# Data provided:
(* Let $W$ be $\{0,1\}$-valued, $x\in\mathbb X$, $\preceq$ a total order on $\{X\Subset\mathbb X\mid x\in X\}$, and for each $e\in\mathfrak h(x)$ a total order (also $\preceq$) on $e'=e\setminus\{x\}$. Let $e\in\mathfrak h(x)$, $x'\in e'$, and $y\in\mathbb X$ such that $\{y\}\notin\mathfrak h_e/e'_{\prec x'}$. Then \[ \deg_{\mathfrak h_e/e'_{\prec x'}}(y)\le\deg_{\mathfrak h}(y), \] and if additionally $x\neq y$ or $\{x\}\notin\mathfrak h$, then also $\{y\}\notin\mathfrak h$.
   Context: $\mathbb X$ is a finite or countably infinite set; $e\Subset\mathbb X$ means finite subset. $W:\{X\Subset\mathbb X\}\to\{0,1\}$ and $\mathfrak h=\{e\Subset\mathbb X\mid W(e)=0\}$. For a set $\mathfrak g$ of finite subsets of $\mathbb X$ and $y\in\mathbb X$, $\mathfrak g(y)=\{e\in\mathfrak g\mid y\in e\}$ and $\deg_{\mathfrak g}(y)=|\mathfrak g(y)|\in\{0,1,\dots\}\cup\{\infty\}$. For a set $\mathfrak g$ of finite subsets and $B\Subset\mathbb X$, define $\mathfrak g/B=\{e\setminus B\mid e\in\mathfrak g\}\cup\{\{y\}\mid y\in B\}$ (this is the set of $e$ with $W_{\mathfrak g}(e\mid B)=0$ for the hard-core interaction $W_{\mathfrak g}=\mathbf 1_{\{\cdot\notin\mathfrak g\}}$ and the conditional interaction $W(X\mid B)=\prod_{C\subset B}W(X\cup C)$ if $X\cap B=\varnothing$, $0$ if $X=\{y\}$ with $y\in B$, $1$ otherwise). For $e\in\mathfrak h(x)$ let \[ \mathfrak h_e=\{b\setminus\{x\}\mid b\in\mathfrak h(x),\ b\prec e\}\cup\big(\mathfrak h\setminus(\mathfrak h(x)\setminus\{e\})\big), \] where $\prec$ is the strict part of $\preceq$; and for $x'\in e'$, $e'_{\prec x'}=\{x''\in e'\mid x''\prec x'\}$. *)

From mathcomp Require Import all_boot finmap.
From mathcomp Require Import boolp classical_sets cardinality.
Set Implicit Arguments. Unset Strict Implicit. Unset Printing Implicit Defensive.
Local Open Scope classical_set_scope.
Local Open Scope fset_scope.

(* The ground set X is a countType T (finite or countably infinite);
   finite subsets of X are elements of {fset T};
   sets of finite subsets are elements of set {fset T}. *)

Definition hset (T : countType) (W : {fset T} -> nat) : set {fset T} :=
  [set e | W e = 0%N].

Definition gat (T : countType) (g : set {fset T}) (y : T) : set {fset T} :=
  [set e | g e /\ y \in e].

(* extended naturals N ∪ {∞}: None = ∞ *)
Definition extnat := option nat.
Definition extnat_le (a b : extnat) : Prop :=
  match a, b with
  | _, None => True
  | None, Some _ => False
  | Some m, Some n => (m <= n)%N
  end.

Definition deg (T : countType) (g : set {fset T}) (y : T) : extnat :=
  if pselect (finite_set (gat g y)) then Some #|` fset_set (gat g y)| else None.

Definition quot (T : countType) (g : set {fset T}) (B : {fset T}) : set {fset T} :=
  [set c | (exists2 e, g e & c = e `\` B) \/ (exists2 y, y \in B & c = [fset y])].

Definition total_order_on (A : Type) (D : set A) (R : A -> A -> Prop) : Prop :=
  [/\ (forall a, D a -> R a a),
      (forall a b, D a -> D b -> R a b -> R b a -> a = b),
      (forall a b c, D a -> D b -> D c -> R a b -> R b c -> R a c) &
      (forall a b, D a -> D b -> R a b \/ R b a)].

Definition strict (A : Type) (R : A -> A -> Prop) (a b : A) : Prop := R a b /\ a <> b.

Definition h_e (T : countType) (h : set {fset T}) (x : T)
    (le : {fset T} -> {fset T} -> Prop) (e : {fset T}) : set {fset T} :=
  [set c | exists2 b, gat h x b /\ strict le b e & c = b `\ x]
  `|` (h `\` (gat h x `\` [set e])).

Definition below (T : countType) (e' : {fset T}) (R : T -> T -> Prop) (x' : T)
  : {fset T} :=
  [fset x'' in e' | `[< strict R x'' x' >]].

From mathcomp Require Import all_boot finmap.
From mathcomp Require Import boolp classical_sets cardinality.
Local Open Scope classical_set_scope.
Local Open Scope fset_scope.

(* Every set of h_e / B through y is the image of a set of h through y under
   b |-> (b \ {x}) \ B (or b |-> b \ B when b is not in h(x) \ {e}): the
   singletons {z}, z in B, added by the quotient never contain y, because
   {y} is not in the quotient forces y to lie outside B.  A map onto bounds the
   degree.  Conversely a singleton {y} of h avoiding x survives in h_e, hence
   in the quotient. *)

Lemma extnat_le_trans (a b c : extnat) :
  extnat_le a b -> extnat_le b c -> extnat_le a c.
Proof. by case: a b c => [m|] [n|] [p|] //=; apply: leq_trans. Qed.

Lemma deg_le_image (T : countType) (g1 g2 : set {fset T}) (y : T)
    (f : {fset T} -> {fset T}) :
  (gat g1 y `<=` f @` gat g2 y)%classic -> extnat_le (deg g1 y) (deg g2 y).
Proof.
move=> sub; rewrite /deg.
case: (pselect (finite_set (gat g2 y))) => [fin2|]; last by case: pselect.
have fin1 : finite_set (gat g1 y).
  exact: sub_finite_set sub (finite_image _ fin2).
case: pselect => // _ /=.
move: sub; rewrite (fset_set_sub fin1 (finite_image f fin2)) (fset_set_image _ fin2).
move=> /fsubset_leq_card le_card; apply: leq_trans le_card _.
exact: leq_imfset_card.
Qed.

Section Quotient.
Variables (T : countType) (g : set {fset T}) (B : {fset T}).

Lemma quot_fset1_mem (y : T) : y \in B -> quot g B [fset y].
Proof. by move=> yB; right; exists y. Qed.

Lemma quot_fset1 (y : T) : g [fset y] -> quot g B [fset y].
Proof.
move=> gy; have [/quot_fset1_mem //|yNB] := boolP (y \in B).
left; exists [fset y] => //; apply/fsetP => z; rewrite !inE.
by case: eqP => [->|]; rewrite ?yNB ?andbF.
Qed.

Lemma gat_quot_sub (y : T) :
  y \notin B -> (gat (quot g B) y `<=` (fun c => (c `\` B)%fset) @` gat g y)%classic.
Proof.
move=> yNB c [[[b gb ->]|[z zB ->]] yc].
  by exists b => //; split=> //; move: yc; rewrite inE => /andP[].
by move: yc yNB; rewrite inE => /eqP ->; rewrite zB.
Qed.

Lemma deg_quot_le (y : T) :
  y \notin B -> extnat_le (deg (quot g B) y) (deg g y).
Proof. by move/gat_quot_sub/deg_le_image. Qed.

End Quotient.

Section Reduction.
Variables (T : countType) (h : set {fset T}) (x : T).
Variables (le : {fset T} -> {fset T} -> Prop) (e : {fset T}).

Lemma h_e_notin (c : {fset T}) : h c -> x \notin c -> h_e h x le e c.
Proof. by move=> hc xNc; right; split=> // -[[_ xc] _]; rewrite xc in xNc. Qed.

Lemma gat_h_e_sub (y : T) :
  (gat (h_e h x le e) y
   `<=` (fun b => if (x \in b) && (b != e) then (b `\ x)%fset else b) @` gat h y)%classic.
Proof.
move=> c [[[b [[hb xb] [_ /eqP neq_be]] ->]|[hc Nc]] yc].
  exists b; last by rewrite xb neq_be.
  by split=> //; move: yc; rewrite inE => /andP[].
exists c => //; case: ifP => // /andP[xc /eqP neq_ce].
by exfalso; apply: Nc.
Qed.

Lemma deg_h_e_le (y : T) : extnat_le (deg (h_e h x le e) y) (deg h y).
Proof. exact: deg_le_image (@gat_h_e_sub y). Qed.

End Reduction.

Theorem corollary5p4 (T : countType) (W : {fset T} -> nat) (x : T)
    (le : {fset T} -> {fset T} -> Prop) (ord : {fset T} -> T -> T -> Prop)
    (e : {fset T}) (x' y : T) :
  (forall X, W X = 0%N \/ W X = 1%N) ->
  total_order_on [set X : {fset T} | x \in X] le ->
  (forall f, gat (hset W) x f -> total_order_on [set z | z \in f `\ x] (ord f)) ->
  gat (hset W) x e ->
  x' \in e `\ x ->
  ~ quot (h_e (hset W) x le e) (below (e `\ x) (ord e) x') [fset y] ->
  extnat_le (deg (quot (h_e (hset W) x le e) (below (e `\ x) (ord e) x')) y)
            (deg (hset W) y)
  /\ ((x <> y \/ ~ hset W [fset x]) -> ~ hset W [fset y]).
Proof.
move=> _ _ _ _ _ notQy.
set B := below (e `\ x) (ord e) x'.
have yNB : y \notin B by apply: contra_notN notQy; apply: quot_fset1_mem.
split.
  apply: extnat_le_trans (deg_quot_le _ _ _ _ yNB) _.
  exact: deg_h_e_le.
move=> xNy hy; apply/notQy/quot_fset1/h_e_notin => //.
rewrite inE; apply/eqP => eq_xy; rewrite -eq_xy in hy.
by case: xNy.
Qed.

==

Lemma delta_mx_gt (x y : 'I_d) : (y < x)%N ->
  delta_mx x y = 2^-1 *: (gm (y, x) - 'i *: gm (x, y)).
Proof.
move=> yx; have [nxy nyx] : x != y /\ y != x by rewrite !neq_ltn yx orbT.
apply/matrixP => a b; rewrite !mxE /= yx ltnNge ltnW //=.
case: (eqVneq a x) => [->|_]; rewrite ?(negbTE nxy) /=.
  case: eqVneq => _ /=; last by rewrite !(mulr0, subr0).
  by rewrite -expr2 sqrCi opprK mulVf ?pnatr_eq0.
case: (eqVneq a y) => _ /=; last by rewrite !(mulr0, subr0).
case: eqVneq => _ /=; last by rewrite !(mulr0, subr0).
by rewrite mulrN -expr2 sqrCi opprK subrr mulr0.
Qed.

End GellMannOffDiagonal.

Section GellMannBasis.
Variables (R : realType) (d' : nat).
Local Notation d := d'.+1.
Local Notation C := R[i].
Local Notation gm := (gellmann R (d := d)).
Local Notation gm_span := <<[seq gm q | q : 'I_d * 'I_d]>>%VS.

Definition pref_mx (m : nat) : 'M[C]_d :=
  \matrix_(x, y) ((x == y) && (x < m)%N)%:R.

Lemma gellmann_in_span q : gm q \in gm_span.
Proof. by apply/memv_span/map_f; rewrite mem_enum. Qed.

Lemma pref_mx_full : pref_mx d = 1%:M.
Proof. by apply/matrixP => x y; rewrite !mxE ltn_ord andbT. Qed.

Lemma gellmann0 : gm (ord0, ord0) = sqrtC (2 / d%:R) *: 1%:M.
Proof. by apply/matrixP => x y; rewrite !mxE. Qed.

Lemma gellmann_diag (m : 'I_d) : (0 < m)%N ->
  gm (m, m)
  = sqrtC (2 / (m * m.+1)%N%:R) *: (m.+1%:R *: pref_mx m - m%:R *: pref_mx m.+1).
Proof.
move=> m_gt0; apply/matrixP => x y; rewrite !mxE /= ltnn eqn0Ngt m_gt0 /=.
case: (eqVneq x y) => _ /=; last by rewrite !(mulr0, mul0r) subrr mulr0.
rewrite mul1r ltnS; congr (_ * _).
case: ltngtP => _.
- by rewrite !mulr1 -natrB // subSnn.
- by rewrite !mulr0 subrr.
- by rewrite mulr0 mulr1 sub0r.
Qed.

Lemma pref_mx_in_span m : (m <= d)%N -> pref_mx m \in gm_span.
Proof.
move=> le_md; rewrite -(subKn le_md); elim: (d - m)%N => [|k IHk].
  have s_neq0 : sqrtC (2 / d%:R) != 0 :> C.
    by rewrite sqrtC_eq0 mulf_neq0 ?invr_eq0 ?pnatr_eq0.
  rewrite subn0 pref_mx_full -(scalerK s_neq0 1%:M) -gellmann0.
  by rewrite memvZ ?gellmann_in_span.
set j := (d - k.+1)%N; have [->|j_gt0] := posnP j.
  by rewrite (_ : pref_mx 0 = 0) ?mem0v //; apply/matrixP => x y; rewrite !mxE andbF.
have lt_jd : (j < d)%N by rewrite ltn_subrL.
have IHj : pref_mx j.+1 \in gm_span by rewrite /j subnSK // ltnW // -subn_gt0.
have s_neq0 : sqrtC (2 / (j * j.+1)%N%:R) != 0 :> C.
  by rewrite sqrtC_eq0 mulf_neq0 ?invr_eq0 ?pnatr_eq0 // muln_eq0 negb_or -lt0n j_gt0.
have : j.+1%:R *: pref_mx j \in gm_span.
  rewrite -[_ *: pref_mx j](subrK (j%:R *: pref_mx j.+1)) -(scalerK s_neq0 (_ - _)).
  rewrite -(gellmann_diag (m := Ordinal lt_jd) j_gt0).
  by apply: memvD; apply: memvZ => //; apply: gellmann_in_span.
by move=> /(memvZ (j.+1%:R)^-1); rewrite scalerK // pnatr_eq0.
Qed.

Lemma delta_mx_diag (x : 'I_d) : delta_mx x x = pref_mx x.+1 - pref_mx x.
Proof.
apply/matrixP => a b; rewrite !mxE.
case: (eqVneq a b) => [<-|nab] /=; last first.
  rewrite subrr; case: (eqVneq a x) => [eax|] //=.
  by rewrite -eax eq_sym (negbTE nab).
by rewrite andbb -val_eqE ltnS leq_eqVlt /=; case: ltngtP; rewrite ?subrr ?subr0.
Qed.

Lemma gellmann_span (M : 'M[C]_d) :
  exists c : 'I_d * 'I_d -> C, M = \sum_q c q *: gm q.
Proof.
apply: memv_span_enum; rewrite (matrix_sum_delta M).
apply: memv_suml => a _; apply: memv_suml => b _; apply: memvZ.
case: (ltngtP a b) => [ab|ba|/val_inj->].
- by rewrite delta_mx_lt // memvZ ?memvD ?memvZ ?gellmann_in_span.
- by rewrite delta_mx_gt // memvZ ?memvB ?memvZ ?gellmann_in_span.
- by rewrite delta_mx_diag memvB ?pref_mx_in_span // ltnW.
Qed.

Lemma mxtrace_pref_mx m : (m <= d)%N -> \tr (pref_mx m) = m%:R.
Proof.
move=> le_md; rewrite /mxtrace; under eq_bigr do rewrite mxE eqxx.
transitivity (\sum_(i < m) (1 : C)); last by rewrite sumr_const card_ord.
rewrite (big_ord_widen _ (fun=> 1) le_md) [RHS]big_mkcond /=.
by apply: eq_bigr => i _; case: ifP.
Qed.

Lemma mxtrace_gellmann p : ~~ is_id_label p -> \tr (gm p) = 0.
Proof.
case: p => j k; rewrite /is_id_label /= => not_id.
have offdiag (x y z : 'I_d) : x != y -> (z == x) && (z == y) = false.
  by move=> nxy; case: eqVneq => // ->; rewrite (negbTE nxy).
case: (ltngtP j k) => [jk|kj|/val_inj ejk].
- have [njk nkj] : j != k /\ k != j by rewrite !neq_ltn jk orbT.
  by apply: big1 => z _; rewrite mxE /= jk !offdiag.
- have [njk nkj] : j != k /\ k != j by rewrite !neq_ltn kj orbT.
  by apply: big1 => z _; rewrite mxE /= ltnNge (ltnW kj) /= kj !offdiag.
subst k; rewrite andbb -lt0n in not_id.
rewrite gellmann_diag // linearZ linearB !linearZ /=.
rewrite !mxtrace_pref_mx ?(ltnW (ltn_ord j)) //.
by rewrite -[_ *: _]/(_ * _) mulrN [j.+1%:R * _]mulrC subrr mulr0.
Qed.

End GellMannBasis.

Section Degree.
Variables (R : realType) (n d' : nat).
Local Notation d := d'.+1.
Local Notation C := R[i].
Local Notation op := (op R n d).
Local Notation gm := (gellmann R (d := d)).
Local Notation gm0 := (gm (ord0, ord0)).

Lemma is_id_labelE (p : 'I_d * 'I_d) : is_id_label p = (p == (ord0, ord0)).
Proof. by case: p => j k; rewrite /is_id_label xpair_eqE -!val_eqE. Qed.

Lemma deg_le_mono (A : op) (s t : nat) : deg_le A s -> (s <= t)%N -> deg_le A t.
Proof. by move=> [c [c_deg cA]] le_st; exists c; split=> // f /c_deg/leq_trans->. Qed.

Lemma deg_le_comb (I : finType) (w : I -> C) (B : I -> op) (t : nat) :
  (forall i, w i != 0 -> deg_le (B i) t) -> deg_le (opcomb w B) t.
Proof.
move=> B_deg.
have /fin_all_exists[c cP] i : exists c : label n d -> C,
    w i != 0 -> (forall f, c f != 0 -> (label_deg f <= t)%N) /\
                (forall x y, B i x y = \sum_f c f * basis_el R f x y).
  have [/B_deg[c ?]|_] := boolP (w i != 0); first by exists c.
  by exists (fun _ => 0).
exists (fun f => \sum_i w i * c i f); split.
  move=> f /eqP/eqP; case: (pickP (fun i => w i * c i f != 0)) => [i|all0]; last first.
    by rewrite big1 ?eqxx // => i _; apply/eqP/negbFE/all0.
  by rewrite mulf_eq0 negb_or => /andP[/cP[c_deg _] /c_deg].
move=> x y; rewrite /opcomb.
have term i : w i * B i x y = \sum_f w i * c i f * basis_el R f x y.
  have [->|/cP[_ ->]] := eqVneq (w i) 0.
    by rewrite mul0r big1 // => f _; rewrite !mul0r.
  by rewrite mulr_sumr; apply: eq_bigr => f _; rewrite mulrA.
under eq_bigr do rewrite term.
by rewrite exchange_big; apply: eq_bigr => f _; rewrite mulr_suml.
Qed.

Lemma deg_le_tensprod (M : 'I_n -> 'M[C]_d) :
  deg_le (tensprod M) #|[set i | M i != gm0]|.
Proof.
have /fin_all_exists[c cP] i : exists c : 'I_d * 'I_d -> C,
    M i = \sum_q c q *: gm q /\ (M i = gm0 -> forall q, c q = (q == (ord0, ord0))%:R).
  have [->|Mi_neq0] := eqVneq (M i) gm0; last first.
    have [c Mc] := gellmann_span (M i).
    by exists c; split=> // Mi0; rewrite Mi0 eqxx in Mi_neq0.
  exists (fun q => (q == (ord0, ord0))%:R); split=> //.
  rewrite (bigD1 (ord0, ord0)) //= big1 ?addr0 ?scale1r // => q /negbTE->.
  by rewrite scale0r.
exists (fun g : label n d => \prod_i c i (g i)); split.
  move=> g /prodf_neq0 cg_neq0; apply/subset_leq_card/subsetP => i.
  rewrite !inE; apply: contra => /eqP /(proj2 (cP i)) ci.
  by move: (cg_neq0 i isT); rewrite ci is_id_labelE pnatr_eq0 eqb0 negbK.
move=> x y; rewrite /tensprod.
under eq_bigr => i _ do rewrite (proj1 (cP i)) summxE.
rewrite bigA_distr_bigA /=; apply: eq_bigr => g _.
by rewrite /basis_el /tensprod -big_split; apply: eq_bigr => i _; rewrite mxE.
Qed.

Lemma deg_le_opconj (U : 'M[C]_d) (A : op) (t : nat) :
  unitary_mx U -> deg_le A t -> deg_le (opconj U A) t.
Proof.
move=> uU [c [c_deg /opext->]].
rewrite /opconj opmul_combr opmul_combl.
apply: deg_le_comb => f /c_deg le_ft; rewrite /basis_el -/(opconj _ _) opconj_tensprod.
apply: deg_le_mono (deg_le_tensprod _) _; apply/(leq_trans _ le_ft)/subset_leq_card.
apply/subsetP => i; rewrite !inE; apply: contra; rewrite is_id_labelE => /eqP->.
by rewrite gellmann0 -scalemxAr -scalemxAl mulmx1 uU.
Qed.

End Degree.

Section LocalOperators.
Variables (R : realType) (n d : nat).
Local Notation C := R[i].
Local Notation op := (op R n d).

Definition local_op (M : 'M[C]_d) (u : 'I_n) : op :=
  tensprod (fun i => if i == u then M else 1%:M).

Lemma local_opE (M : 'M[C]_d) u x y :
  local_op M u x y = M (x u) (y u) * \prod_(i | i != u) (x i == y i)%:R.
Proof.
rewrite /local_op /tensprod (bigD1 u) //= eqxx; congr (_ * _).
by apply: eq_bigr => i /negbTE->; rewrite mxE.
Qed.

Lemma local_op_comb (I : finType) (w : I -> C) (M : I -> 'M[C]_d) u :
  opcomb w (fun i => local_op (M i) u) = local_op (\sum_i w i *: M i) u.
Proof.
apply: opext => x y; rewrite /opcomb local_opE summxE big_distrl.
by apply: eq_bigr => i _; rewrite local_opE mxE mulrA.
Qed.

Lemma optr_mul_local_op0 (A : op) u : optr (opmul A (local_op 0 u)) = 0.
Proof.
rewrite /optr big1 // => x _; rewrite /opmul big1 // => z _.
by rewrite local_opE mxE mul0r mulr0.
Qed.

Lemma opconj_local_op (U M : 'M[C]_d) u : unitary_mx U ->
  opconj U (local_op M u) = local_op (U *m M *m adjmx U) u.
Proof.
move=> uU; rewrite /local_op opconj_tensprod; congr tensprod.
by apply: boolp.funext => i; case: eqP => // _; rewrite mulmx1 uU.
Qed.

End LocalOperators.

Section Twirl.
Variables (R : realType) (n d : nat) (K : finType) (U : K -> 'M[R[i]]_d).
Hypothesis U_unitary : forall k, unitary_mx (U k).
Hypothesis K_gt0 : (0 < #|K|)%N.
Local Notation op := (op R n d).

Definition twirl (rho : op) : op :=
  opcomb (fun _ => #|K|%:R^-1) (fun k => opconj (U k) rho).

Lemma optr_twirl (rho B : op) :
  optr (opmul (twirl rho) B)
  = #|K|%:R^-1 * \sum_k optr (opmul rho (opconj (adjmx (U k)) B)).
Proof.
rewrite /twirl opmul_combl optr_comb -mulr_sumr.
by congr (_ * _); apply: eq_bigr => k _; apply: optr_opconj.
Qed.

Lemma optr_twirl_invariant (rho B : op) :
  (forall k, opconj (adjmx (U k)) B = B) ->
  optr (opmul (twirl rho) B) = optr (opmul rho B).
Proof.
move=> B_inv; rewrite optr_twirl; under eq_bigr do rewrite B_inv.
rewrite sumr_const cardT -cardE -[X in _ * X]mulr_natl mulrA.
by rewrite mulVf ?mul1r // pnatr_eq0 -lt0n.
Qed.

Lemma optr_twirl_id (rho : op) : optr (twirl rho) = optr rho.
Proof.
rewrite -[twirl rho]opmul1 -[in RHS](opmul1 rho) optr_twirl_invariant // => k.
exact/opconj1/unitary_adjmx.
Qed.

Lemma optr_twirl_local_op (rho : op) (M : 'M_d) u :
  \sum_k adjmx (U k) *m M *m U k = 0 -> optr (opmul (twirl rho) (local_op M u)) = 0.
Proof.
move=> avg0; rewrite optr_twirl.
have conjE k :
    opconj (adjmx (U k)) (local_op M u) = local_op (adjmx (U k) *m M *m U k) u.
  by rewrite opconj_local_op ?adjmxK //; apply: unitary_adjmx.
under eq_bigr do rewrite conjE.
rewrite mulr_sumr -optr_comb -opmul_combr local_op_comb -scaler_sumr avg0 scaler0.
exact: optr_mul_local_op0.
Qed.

# Exercise details:
Within the material above, transcribe exactly the lines that run from the line holding "y \notin B -> extnat_le" through the line holding "(forall f, gat".

# Expected answer:
  y \notin B -> extnat_le (deg (quot g B) y) (deg g y).
Proof. by move/gat_quot_sub/deg_le_image. Qed.

End Quotient.

Section Reduction.
Variables (T : countType) (h : set {fset T}) (x : T).
Variables (le : {fset T} -> {fset T} -> Prop) (e : {fset T}).

Lemma h_e_notin (c : {fset T}) : h c -> x \notin c -> h_e h x le e c.
Proof. by move=> hc xNc; right; split=> // -[[_ xc] _]; rewrite xc in xNc. Qed.

Lemma gat_h_e_sub (y : T) :
  (gat (h_e h x le e) y
   `<=` (fun b => if (x \in b) && (b != e) then (b `\ x)%fset else b) @` gat h y)%classic.
Proof.
move=> c [[[b [[hb xb] [_ /eqP neq_be]] ->]|[hc Nc]] yc].
  exists b; last by rewrite xb neq_be.
  by split=> //; move: yc; rewrite inE => /andP[].
exists c => //; case: ifP => // /andP[xc /eqP neq_ce].
by exfalso; apply: Nc.
Qed.

Lemma deg_h_e_le (y : T) : extnat_le (deg (h_e h x le e) y) (deg h y).
Proof. exact: deg_le_image (@gat_h_e_sub y). Qed.

End Reduction.

Theorem corollary5p4 (T : countType) (W : {fset T} -> nat) (x : T)
    (le : {fset T} -> {fset T} -> Prop) (ord : {fset T} -> T -> T -> Prop)
    (e : {fset T}) (x' y : T) :
  (forall X, W X = 0%N \/ W X = 1%N) ->
  total_order_on [set X : {fset T} | x \in X] le ->
  (forall f, gat (hset W) x f -> total_order_on [set z | z \in f `\ x] (ord f)) ->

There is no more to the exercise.